Glazed Shortbread Cutout Cookies - melt-in-your-mouth buttery crisp shortbread cookies with a beautiful (and delicious!) glaze.
Course Cookies
Cuisine American
Prep Time 1 hour
Cook Time 20 minutes
Total Time 1 hour 20 minutes
Servings 24
Calories 117 kcal
Author Chris Scheuer

Ingredients

  • For the cookies:
  • 1 cup butter softened
  • ½ cup powdered sugar
  • 1 teaspoon vanilla extract
  • 2 cups all-purpose flour
  • ¼ teaspoon salt
  • For the glaze:
  • 2 cups powdered sugar
  • 1 teaspoon vanilla extract
  • ½ teaspoon almond extract
  • 4 tablespoons milk maybe a little more
  • gel food coloring

Instructions

  1. For the cookies, preheat oven to 350˚F with the rack in the middle of the oven. Line two baking sheets with parchment paper.
  2. Beat softened butter in the bowl of an electric mixer until soft and fluffy. Add powdered sugar and vanilla and beat until smooth.
  3. Add flour and salt. Beat just until all flour is incorporated. Make sure there’s not dry flour at the bottom of the bowl.
  4. Place dough onto a piece of plastic wrap and form into a disk. Wrap well and place in refrigerator for 15 minutes. (If you end up refrigerating more than 15 minutes, let dough sit out and warm up a bit before rolling. Otherwise it will crack when you try to roll it.)
  5. Remove dough and unwrap. On a lightly floured surface roll out the dough into a ¼ inch (.6 cm) thick circle. I like to use ⅜ or ¼-inch dowels on either side of my dough as I roll it (pictured above in the post, the ¼ inch will be thinner). This keeps the dough at a perfect even thickness.
  6. Cut into rounds or other shapes using a lightly floured cookie cutter. Place on the prepared baking sheets and place in the refrigerator for about 15 minutes. (This will firm up the dough so the cookies will maintain their shape better when baked.) Bake for 15-18 minutes, or until cookies are lightly browned at the edges. If your oven does not bake evenly, exchange the pans on the racks half way through baking time. Cool cookies on a wire rack.

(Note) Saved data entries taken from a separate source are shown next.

(* Let $n\ge 1$, let $x_1,\dots,x_n$ be distinct integers each greater than $1$, and let $D=\{1,0,x_1,\dots,x_n\}$. If $(T,s)$ is an optimal signed tree realizing $D$ and $ab$ is an edge of $T$ with $s(ab)=-$, then $sdeg(a)=sdeg(b)=0$.
   Context: A signed tree is a pair $(T,s)$ where $T$ is a finite tree and $s:E(T)\to\{+,-\}$. The signed degree $sdeg(v)$ of a vertex is the number of incident positive edges minus the number of incident negative edges. $(T,s)$ realizes $D$ if $D=\{sdeg(v):v\in V(T)\}$. $\sigma(D)=\min\{|V(T)|: \text{some signed tree }(T,s)\text{ realizes }D\}$, and a signed tree $(T,s)$ realizing $D$ is optimal if $|V(T)|=\sigma(D)$. *)

From mathcomp Require Import all_boot all_order all_algebra.
Set Implicit Arguments. Unset Strict Implicit. Unset Printing Implicit Defensive.
Import Order.TTheory GRing.Theory Num.Theory.

(* A sign function is a
   relation s : rel 'I_k, where s u v = true means the edge uv is positive
   (+) and s u v = false means negative (-); it is required symmetric so that
   it is a function of the unordered edge.  Its values on non-edges are irrelevant. *)

Definition simple_graph (k : nat) (e : rel 'I_k) : Prop :=
  symmetric e /\ irreflexive e.

Definition is_tree (k : nat) (e : rel 'I_k) : Prop :=
  [/\ simple_graph e, 0 < k,
      (forall x y : 'I_k, connect e x y)
    & (forall c : seq 'I_k, ucycle e c -> size c < 3)].

Definition signed_tree (k : nat) (e s : rel 'I_k) : Prop :=
  is_tree e /\ symmetric s.

Definition sdeg (k : nat) (e s : rel 'I_k) (v : 'I_k) : int :=
  (#|[set y | e v y && s v y]|)%:Z - (#|[set y | e v y && ~~ s v y]|)%:Z.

  7. Shortbread cookies with keep in an airtight container for about a week or they can be frozen.
  8. To make the glaze, combine powdered sugar, vanilla, almond extract and 3 tablespoons of the milk in a medium large bowl. Mix well and add more milk, one teaspoon at a time until a thick but drizzle-able glaze is formed. Transfer half of the glaze to a small bowl (like a soup size bowl). With a toothpick, add a small amount of gel food coloring and stir all through the icing in circular movements to form a swirly pattern. Don’t stir too much or the icing will become a solid color. Use a light hand with the gel food coloring. A little goes a long way!
  9. Dip one cookie at a time into the glaze. Let the cookie sit on the top of the glaze and gently push down at all the edges to ensure the surface of the cookie is covered with the glaze. With your thumb and forefinger, pull the cookie out of the glaze and allow the excess icing to drip off. Then quickly flip the cookie right side up and give it a gentle jiggle to allow the glaze to flow evenly over the surface. Repeat with remaining cookies. Add more of the white glaze to the bowl when needed (stir well before adding). Use a toothpick to swirl more food coloring through the glaze any time the swirly effect is getting lost. You may need to add a few more drops of milk if the glaze gets too thick. Just stir it in well and add a little more food coloring to restore the swirly effect.
  10. Allow the cookies to sit on a wire rack for a least one hour to “set” the icing. Once the icing is set, cookies can be stacked in an airtight container with wax paper or parchment paper between the layers.

Recipe Notes

* If you like to bake you might be like me and get tired of trying to cut parchment paper to the right size. I discovered these pre-cut parchment paper sheets several years ago and have never looked back. They're the perfect size for a half sheet pan and a pack lasts forever. (Unless you're a crazy cook like me - I just ran out but I must say, even for me, they lasted a long time!)

Nutrition Facts
Glazed Shortbread Cutout Cookies
Amount Per Serving
Calories 117 Calories from Fat 63
% Daily Value*
Fat 7g11%
Saturated Fat 4g25%
Cholesterol 20mg7%
Sodium 93mg4%
Potassium 16mg0%
Carbohydrates 10g3%
Fiber 0g0%
Sugar 2g2%
Protein 1g2%
Vitamin A 240IU5%
Calcium 7mg1%
Iron 0.5mg3%
* Percent Daily Values are based on a 2000 calorie diet.